▶ [Records for this exercise]
------------
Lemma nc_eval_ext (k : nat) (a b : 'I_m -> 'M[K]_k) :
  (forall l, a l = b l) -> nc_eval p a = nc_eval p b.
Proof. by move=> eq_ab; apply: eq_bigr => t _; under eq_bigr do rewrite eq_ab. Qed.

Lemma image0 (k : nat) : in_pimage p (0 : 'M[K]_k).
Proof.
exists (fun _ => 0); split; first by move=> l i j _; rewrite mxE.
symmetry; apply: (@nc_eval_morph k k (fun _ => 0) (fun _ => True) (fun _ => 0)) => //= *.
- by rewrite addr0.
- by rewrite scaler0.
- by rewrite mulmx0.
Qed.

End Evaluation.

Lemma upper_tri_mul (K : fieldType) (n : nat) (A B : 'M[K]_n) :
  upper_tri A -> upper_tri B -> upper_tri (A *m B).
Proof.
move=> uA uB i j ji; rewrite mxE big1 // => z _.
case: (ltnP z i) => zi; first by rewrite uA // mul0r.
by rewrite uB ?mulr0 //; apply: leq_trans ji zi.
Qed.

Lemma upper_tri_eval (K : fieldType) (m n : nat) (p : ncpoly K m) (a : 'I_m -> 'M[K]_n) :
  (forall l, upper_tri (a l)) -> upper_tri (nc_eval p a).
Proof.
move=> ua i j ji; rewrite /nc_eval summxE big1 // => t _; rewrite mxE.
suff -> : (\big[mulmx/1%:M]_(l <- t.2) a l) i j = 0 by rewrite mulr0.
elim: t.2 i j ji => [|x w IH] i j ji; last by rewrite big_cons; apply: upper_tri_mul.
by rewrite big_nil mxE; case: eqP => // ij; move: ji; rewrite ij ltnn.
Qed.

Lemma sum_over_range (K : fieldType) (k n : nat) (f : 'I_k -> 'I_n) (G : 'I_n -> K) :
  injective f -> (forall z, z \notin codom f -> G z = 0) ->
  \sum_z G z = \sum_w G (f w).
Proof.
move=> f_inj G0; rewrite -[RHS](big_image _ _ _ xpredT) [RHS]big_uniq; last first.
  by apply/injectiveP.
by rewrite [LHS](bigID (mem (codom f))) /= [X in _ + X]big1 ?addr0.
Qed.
------------
▶ [Required action] Scan the data above for the word "case" and report every line where it is found.

▶ [Exercise answer]
case: (ltnP z i) => zi; first by rewrite uA // mul0r.
by rewrite big_nil mxE; case: eqP => // ij; move: ji; rewrite ij ltnn.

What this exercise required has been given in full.